Itu adalah trik yang kemudian mendapat ketenaran sebagai ‘pengatur waktu dupa’ atau ‘pengatur waktu kekaisaran’.

Im Soon-wook yang pasti tahu pikiran Hyang ini pun akhirnya nemu alasan yang jitu.

“Jika Anda merawatnya dengan benar, itu bisa digunakan untuk jangka waktu yang lama, tetapi jika Anda tidak mengikuti tindakan pencegahan yang dijelaskan sebelumnya, itu akan rusak karena kelalaian Anda sendiri, jadi tidak perlu dikritik.”

“Benar sekali! Jadi apa pendapatmu?”

“Saya tidak tahu tentang pejalan kaki yang harus melewati jalan pegunungan yang kasar dengan tanjakan dan turunan yang tumpang tindih, tetapi saya pikir itu akan sangat berguna saat bolak-balik di jalan yang sering dilalui di kota dan desa. Saya pikir itu akan berguna bagi mereka yang melakukan pengiriman atau memindahkan dokumen resmi di kota atau desa. Ah! Saya pikir akan lebih baik untuk menggabungkan bagian ini dengan becak! “Apakah kamu juga membuatnya?”

“Saya hanya membawa gambar-gambarnya. Para perajin di Area 51 akan mampu membuatnya.”

Menanggapi jawaban Hyang, Lim Soon-wook melirik Menteri Keuangan dan Ekonomi. Lim Soon-wook yang melihat Menteri Keuangan dan Ekonomi tampak seperti hendak menyerang Hyeon kapan saja, langsung memberi tahu Hyun.

“Peralatan ini akan sangat membantu masyarakat. Namun, harganya akan menjadi masalah.”

Mendengar perkataan Lim Soon-wook, Hyun menoleh ke belakang. Hyang segera menjawab pertanyaan yang tak terucap itu.

“Kami akan dapat menetapkan harga yang wajar. “Ini adalah bagian yang membutuhkan banyak pekerjaan, tetapi upah Shinji masih murah.”

Mendengar perkataan Hyang, Hyeon langsung mengambil keputusan.

“Kalau begitu, mari kita buat ini di Shinji juga. “Ngomong-ngomong, apa nama benda ini?”

Hyang menanggapi pertanyaan Hyun dengan ekspresi sedikit malu.

“Aku ingin kau memutuskannya mulai sekarang. Aku tidak bisa memikirkan nama yang tepat….”
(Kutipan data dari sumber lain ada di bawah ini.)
(* Let $(G,T)$ be a terminal graph that is the join of terminal graphs $(G_1,T)$ and $(G_2,T)$, and let $k$ be a positive integer. Let $(H_1,\ell_1)=\mathcal{C}^c_k(G_1,T)$ and $(H_2,\ell_2)=\mathcal{C}^c_k(G_2,T)$. Construct a labeled graph $(H,\ell)$ as follows: for every pair of nodes $x\in V(H_1)$, $y\in V(H_2)$ with $\ell_1(x)=\ell_2(y)$ introduce a node $(x,y)$ with $\ell((x,y))=\ell_1(x)$; add an edge between two distinct nodes $(x,y)$ and $(x',y')$ if and only if $xx'$ is an edge of $H_1$ and $yy'$ is an edge of $H_2$. Then $(H,\ell)=\mathcal{C}^c_k(G,T)$. Moreover, given certificates for $(H_1,\ell_1)$ and $(H_2,\ell_2)$, there is a certificate for $(H,\ell)$ such that for every $k$-coloring $\gamma$ of $G$, if $x$ is the $\gamma|_{V(G_1)}$-node of $H_1$ and $y$ is the $\gamma|_{V(G_2)}$-node of $H_2$, then $(x,y)$ is the $\gamma$-node of $H$.
   Context: A terminal graph $(G,T)$ is a graph with $T\subseteq V(G)$. $(G,T)$ is the join of $(G_1,T)$ and $(G_2,T)$ if $G_1,G_2$ are induced subgraphs of $G$, $V(G_1)\cap V(G_2)=T$, $V(G_1)\cup V(G_2)=V(G)$, $V(G_1)\ne T$, $V(G_2)\ne T$, and every edge of $G$ lies in $G_1$ or $G_2$. A $k$-coloring of $G$ is a map $\alpha:V(G)\to\{1,\dots,k\}$ with $\alpha(u)\ne\alpha(w)$ for all edges $uw$. $\mathcal{C}_k(G)$ has the $k$-colorings as nodes, adjacent iff they differ on exactly one vertex. For $T\subseteq V(G)$, label each coloring $\gamma$ by $\gamma|_T$. A label component is a maximal set of colorings with the same label inducing a connected subgraph of $\mathcal{C}_k(G)$. The contracted solution graph $\mathcal{C}^c_k(G,T)=(H,\ell)$ has one node $x$ per label component $S_x$, distinct $x,y$ adjacent iff some $\gamma\in S_x,\gamma'\in S_y$ are adjacent in $\mathcal{C}_k(G)$, and $\ell(x)$ the common label on $S_x$; labeled graphs are identified up to label-preserving isomorphism. A certificate for $(H,\ell)$ is an assignment of nonempty sets $S_x$ of $k$-colorings of $G$ to the nodes such that: the $S_x$ partition the $k$-colorings; $\gamma|_T=\ell(x)$ for $\gamma\in S_x$; adjacent nodes have distinct labels; each $S_x$ induces a connected subgraph of $\mathcal{C}_k(G)$; distinct $x,y$ are adjacent iff some $\gamma\in S_x$ and $\gamma'\in S_y$ are adjacent in $\mathcal{C}_k(G)$. The $\gamma$-node with respect to a certificate $S$ is the node $x$ with $\gamma\in S_x$. *)

From HB Require Import structures.
From mathcomp Require Import all_boot.
Set Implicit Arguments. Unset Strict Implicit. Unset Printing Implicit Defensive.

(* A finite simple graph is (V : finType, e : rel V) with e symmetric and
   irreflexive.  Induced subgraphs are given by vertex sets A : {set V}.
   A k-coloring of G[A] is encoded as a partial map V -> option 'I_k that is
   defined exactly on A and proper on the edges of G[A]. *)
Notation pcol V k := {ffun V -> option 'I_k}.

Section Defs.
Variables (V : finType) (e : rel V) (k : nat).

Definition is_coloring (A : {set V}) (f : pcol V k) : bool :=
  [forall v, (f v == None) == (v \notin A)] &&
  [forall u, forall w, [&& u \in A, w \in A & e u w] ==> (f u != f w)].

Definition col_adj (f g : pcol V k) : bool := #|[set v | f v != g v]| == 1.

Definition restr (B : {set V}) (f : pcol V k) : pcol V k :=
  [ffun v => if v \in B then f v else None].

Definition connected_in (S : {set pcol V k}) : bool :=
  [forall f in S, forall g in S,
     connect (fun a b => [&& a \in S, b \in S & col_adj a b]) f g].

Definition label_comp_cand (T A : {set V}) (S : {set pcol V k}) : bool :=
  [&& S != set0, [forall f in S, is_coloring A f],
      [forall f in S, forall g in S, restr T f == restr T g]
    & connected_in S].

Definition label_comp (T A : {set V}) (S : {set pcol V k}) : bool :=
  maxset (label_comp_cand T A) S.

Definition comp_edge (S1 S2 : {set pcol V k}) : bool :=
  (S1 != S2) && [exists f in S1, exists g in S2, col_adj f g].

(* The labeled graph (N, E, l) is (up to label-preserving isomorphism)
   the contracted solution graph C^c_k(G[A], T). *)
Definition is_contraction (N : finType) (E : rel N) (l : N -> pcol V k)
    (T A : {set V}) : Prop :=
  exists phi : N -> {set pcol V k},
    [/\ injective phi,
        (forall x, label_comp T A (phi x)),
        (forall S, label_comp T A S -> exists x, phi x = S),
        (forall x y, E x y = comp_edge (phi x) (phi y)) &
        (forall x f, f \in phi x -> restr T f = l x)].
Definition maximal_mathieu_subspace (F : fieldType) (A : algType F) (M : A -> Prop) : Prop :=
  mathieu_subspace M /\ proper_sub M /\
  forall M' : A -> Prop, mathieu_subspace M' -> proper_sub M' ->
    (forall x, M x -> M' x) -> forall x, M' x -> M x.

Definition mxa (K : fieldType) (s : K) : 'M[K]_2 :=
  \matrix_(i < 2, j < 2) (if i == j then (if (i : nat) == 0%N then 1 else s) else 0).
Definition mxb (K : fieldType) : 'M[K]_2 :=
  \matrix_(i < 2, j < 2) (if i == j then 0 else 1).

Definition span2 (K : fieldType) (a b : 'M[K]_2) (x : 'M[K]_2) : Prop :=
  exists alpha beta : K, x = alpha *: a + beta *: b.

(** Write [x = mx2 α β β (α s)] for the elements of [V = K a + K b].  Since
    [det x = α^2 s - β^2] and [s] is not a square, every nonzero element of
    [V] is invertible; in particular [V] has no nonzero nilpotents.  Comparing
    the diagonal entries of [x^2] shows that [x^2 ∈ V] forces
    [(s - 1) det x = 0], so [x = 0] when [s ≠ 1]: the only [x] whose powers
    all lie in [V] is [0], and [V] is trivially a Mathieu subspace.

    A Mathieu subspace containing an idempotent [e] contains every [y e w];
    a nonzero matrix generates the full matrix algebra as a two-sided ideal,
    so a Mathieu subspace of [M_n(F)] containing a nonzero idempotent is
    everything.  A subspace strictly larger than [V] contains [V] and some
    [mx2 0 0 p q ≠ 0], hence an idempotent of trace [1] and determinant [0]
    (this is where [s ≠ -1] is used), so [V] is maximal.  Over a field where
    [s = r^2] the same trace/determinant test makes
    [(1 + s)^-1 (a + r b)] an idempotent of [V]. *)

From Pilot Require Import Defs.
From HB Require Import structures.
From mathcomp Require Import all_boot all_order all_algebra.
From mathcomp Require Import ring.
From Stdlib Require Import Classical_Prop.
Set Implicit Arguments. Unset Strict Implicit.
Import GRing.Theory.
Local Open Scope ring_scope.

Lemma ord2_ind (P : 'I_2 -> Prop) : P ord0 -> P ord_max -> forall i, P i.
Proof.
move=> P0 P1 [[|[|//]] lti].
- by rewrite (_ : Ordinal lti = ord0) //; apply: val_inj.
- by rewrite (_ : Ordinal lti = ord_max) //; apply: val_inj.
Qed.
(* Let $n,N\ge 1$, let $J\in\Gamma_0(\mathbb{R}^n)$, and let $H_1,\dots,H_N\in\Gamma_0(\mathbb{R}^n)$ with $\mathrm{dom}\, H_j=\mathbb{R}^n$ for every $j$. Define $S_H:\mathbb{R}^n\times\mathbb{R}^N\to\mathbb{R}\cup\{+\infty\}$ by $$S_H(x,t_1,\dots,t_N)=\sup_{p\in\mathbb{R}^n}\Big(\langle p,x\rangle-J^*(p)-\sum_{j=1}^N t_jH_j(p)\Big)$$ if $t_1,\dots,t_N\ge 0$, and $S_H(x,t_1,\dots,t_N)=+\infty$ otherwise. Then $S_H\in\Gamma_0(\mathbb{R}^{n+N})$ and its Legendre transform is $$S_H^*(p,E_1^-,\dots,E_N^-)=J^*(p)+\sum_{j=1}^N I\{E_j^-+H_j(p)\le 0\}\qquad\text{for all }p\in\mathbb{R}^n,\ (E_1^-,\dots,E_N^-)\in\mathbb{R}^N.$$ Moreover, if in addition hypotheses (H1) and (H2) hold, then $S_H(x,t_1,\dots,t_N)$ is finite for every $x\in\mathbb{R}^n$ and every $t_1,\dots,t_N\ge 0$ that are not all zero.
   Context: $\Gamma_0(\mathbb{R}^m)$ denotes the set of proper, convex, lower semicontinuous functions $\mathbb{R}^m\to\mathbb{R}\cup\{+\infty\}$. For $f\in\Gamma_0(\mathbb{R}^m)$, $f^*(p)=\sup_x \langle p,x\rangle-f(x)$ is its Legendre transform. $I\{\cdot\}$ denotes the indicator function of the set described by the constraint (value $0$ on the set, $+\infty$ off it). A function $g$ is 1-coercive if $g(x)/\|x\|\to+\infty$ as $\|x\|\to\infty$. Hypothesis (H1): each $H_j:\mathbb{R}^n\to\mathbb{R}$ ($j=1,\dots,N$) is finite-valued, convex and 1-coercive, and at least one $H_j$ is strictly convex. Hypothesis (H2): $J\in\Gamma_0(\mathbb{R}^n)$. *)

From Stdlib Require Import Reals Lra ClassicalEpsilon.
Open Scope R_scope.

Inductive ereal : Type := EFin (r : R) | EPInf | ENInf.

Definition ele (a b : ereal) : Prop :=
  match a, b with
  | ENInf, _ => True
  | _, EPInf => True
  | EFin x, EFin y => x <= y
  | _, _ => False
  end.

Definition elt (a b : ereal) : Prop := ele a b /\ a <> b.

(* addition with the convention (+∞) + (-∞) = +∞ (never used on such pairs here) *)
Definition eplus (a b : ereal) : ereal :=
  match a, b with
  | EPInf, _ => EPInf
  | _, EPInf => EPInf
  | ENInf, _ => ENInf
  | _, ENInf => ENInf
  | EFin x, EFin y => EFin (x + y)
  end.

Definition eopp (a : ereal) : ereal :=
  match a with EFin x => EFin (- x) | EPInf => ENInf | ENInf => EPInf end.

(* real scalar times extended real, convention 0 * (±∞) = 0 *)
Definition escal (t : R) (a : ereal) : ereal :=
  match Req_EM_T t 0 with
  | left _ => EFin 0
  | right _ =>
      match a with
      | EFin x => EFin (t * x)
      | EPInf => if Rlt_dec 0 t then EPInf else ENInf
      | ENInf => if Rlt_dec 0 t then ENInf else EPInf
      end
  end.

Definition is_lub_E (P : ereal -> Prop) (s : ereal) : Prop :=
  (forall y, P y -> ele y s) /\ (forall b, (forall y, P y -> ele y b) -> ele s b).

Definition esup (P : ereal -> Prop) : ereal :=
  epsilon (inhabits EPInf) (is_lub_E P).

(** * Vectors of R^n, represented as [nat -> R] vanishing at indices >= n *)
Definition inRn (n : nat) (x : nat -> R) : Prop :=
  forall i, (n <= i)%nat -> x i = 0.

Fixpoint rsum (n : nat) (f : nat -> R) : R :=
  match n with O => 0 | S k => rsum k f + f k end.

Fixpoint esum (n : nat) (f : nat -> ereal) : ereal :=
  match n with O => EFin 0 | S k => eplus (esum k f) (f k) end.

Definition dot (n : nat) (p x : nat -> R) : R := rsum n (fun i => p i * x i).
Definition norm (n : nat) (x : nat -> R) : R := sqrt (dot n x x).

Definition vadd (x y : nat -> R) : nat -> R := fun i => x i + y i.
Definition vsub (x y : nat -> R) : nat -> R := fun i => x i - y i.
Definition vscal (l : R) (x : nat -> R) : nat -> R := fun i => l * x i.

Definition vcat (n : nat) (x t : nat -> R) : nat -> R :=
  fun i => if Nat.ltb i n then x i else t (i - n)%nat.

Definition vfst (n : nat) (z : nat -> R) : nat -> R :=
  fun i => if Nat.ltb i n then z i else 0.
Definition vsnd (n m : nat) (z : nat -> R) : nat -> R :=
  fun j => if Nat.ltb j m then z (n + j)%nat else 0.

Definition proper (n : nat) (f : (nat -> R) -> ereal) : Prop :=
  (exists x, inRn n x /\ f x <> EPInf) /\ (forall x, inRn n x -> f x <> ENInf).

Definition convex (n : nat) (f : (nat -> R) -> ereal) : Prop :=
  forall x y l, inRn n x -> inRn n y -> 0 < l < 1 ->
    ele (f (vadd (vscal l x) (vscal (1 - l) y)))
        (eplus (escal l (f x)) (escal (1 - l) (f y))).

Definition strictly_convex (n : nat) (f : (nat -> R) -> ereal) : Prop :=
  forall x y l, inRn n x -> inRn n y -> x <> y -> 0 < l < 1 ->
    elt (f (vadd (vscal l x) (vscal (1 - l) y)))
        (eplus (escal l (f x)) (escal (1 - l) (f y))).

Definition lsc (n : nat) (f : (nat -> R) -> ereal) : Prop :=
  forall x a, inRn n x -> elt (EFin a) (f x) ->
    exists d, 0 < d /\
      forall y, inRn n y -> norm n (vsub y x) < d -> elt (EFin a) (f y).

Definition Gamma0 (n : nat) (f : (nat -> R) -> ereal) : Prop :=
  proper n f /\ convex n f /\ lsc n f.

Definition full_dom (n : nat) (f : (nat -> R) -> ereal) : Prop :=
  forall x, inRn n x -> f x <> EPInf.

Definition finite_valued (n : nat) (f : (nat -> R) -> ereal) : Prop :=
  forall x, inRn n x -> exists r, f x = EFin r.

Definition coercive1 (n : nat) (f : (nat -> R) -> ereal) : Prop :=
  forall M, exists R0, forall x, inRn n x -> R0 < norm n x ->
    ele (EFin (M * norm n x)) (f x).

Definition conj (n : nat) (f : (nat -> R) -> ereal) : (nat -> R) -> ereal :=
  fun p => esup (fun y => exists x, inRn n x /\
                     y = eplus (EFin (dot n p x)) (eopp (f x))).

Definition indic (P : Prop) : ereal :=
  if excluded_middle_informative P then EFin 0 else EPInf.

Definition tnonneg (N : nat) (t : nat -> R) : Prop :=
  forall j, (j < N)%nat -> 0 <= t j.

(* S_H(x, t) for x ∈ R^n, t ∈ R^N (H_j indexed by j = 0..N-1) *)
Definition SH_xt (n N : nat) (J : (nat -> R) -> ereal)
  (H : nat -> (nat -> R) -> ereal) (x t : nat -> R) : ereal :=
  if excluded_middle_informative (tnonneg N t) then
    esup (fun y => exists p, inRn n p /\
      y = eplus (EFin (dot n p x))
            (eopp (eplus (conj n J p) (esum N (fun j => escal (t j) (H j p))))))
  else EPInf.

Definition SH (n N : nat) (J : (nat -> R) -> ereal)
  (H : nat -> (nat -> R) -> ereal) (z : nat -> R) : ereal :=
  SH_xt n N J H (vfst n z) (vsnd n N z).

From Stdlib Require Import Reals ClassicalEpsilon.
From Stdlib Require Import Lra Lia Classical FunctionalExtensionality.
Open Scope R_scope.

(** The one non-elementary ingredient is that a convex lsc function f with no
    value -oo has affine minorants passing above any point strictly below its
    graph.  It is obtained from a strict separation theorem in R^m (a point at
    positive distance from a convex set is separated by the vector joining it
    to the nearest point of the closure, built from a minimizing sequence),
    applied to the epigraph of f in R^(n+1).

    The properties of S_H then follow from its definition as a supremum of
    affine functions of (x, t) over the nonnegative orthant: convexity and
    lower semicontinuity are inherited from the affine pieces; properness uses
    an affine minorant of J (so J* is somewhere finite); for the conjugate,
    t = 0 gives S_H* >= J*, the pieces give S_H* <= J* when E_j + H_j(p) <= 0,
    and moving along a ray x = x0 + s g, t = s e_k (g an affine minorant of H_k)
    gives S_H* = +oo when E_k + H_k(p) > 0; finally coercivity of H_k makes
    t_k H_k(p) dominate the linear growth of <p, x>. *)

Lemma ele_trans a b c : ele a b -> ele b c -> ele a c.
Proof. destruct a, b, c; simpl; intros; auto; try lra; contradiction. Qed.

Lemma ele_antisym a b : ele a b -> ele b a -> a = b.
Proof. destruct a, b; simpl; intros; try contradiction; auto. f_equal; lra. Qed.

Lemma ele_top a : ele a EPInf.
Proof. destruct a; simpl; auto. Qed.

Lemma ele_bot a : ele ENInf a.
Proof. destruct a; simpl; auto. Qed.

Lemma ele_fin_inv a r : ele a (EFin r) -> a <> ENInf -> exists x, a = EFin x /\ x <= r.
Proof. destruct a; simpl; intros; try contradiction; eauto; congruence. Qed.

Lemma ne_bot_of_ge a r : ele (EFin r) a -> a <> ENInf.
Proof. destruct a; simpl; intros; congruence || contradiction. Qed.

Lemma elt_of_ge a b e : ele (EFin b) e -> a < b -> elt (EFin a) e.
Proof.
  intros Hb Hab. unfold elt. destruct e; simpl in *; split; auto; try lra; try discriminate.
  intro E; inversion E; lra.
Qed.

Lemma eplus_pinf_r a : eplus a EPInf = EPInf.
Proof. destruct a; reflexivity. Qed.

Lemma escal_fin t x : escal t (EFin x) = EFin (t * x).
Proof. unfold escal. destruct (Req_EM_T t 0); auto. subst. f_equal; ring. Qed.

Lemma escal_pinf t : 0 < t -> escal t EPInf = EPInf.
Proof.
  intro. unfold escal. destruct (Req_EM_T t 0); [lra|].
  destruct (Rlt_dec 0 t); auto; lra.
Qed.

(** Suprema in the extended reals: every predicate has a least upper bound
    (completeness of R), so [esup] is characterised by [is_lub_E]. *)

Lemma lub_E_exists (P : ereal -> Prop) : exists s, is_lub_E P s.
Proof.
  destruct (classic (P EPInf)) as [Hp|Hnp].
  { exists EPInf. split; [intros; apply ele_top|intros b Hb; apply Hb, Hp]. }
  destruct (classic (exists r, P (EFin r))) as [[r0 Hr0]|Hnf].
  - destruct (classic (exists M, forall r, P (EFin r) -> r <= M)) as [[M HM]|Hnb].
    + destruct (completeness (fun r => P (EFin r))) as [m [Hm1 Hm2]].
      { exists M; intros r Hr; apply HM, Hr. }
      { exists r0; exact Hr0. }
      exists (EFin m). split.
      * intros [r| |] Hy; simpl; auto; apply Hm1, Hy.
      * intros [b| |] Hb; simpl; auto.
        -- apply Hm2. intros r Hr. apply (Hb _ Hr).
        -- exact (Hb _ Hr0).
    + exists EPInf. split; [intros; apply ele_top|].
      intros [b| |] Hb; simpl; auto.
      * apply Hnb; exists b; intros r Hr; apply (Hb _ Hr).
      * exact (Hb _ Hr0).
  - exists ENInf. split; [|intros; simpl; auto].
    intros [r| |] Hy; simpl; auto. apply Hnf; eauto.
Qed.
‘Ketika saya mencoba membuatnya menjadi kendaraan roda dua, pada suatu era hanya ada dua roda, dan ketika saya mencoba menggunakan sepeda, etimologinya menjadi masalah… Saya buruk dalam memberi nama!’

Mendengar perkataan Hyang, para pejabat prefektur dan menteri mulai berdebat mengenai nama apa yang cocok.

“Anda harus menghentakkan kaki untuk sampai ke sana, jadi bagaimana dengan mobil pejalan kaki?”

“Bahkan kereta pun harus menggerakkan kakinya untuk bisa berjalan. “Baik itu kaki ajaib atau kaki manusia.”

“Dan jokdongchara… Bukankah pengucapannya agak sembrono?”

“Kelompok… kurasa begitu…”

Saat berbagai nama berulang kali disebutkan dan diajukan, Han Myeong-hoe tampil ke depan.

“Bagaimana dengan roda yang menghentak?”

“Roda yang menghentak?”

“Hmm…”

Para menteri yang tengah mempertimbangkan nama Han Myeong-hoe mengangguk.

“Kelihatannya baik-baik saja, tapi…”

Para menteri yang telah mencapai kesepakatan mereka sendiri menatap Hyeon dan Hyang secara bersamaan. Hyun, melihat ekspresi para menteri, mengangguk.

“Rasanya seperti tendangan, tapi bukankah itu terlalu lama? “Bagaimana dengan mobil awan?”

“Itu pasti bagus!”

Itulah sebabnya sepeda itu diberi nama ‘Cloud Car’.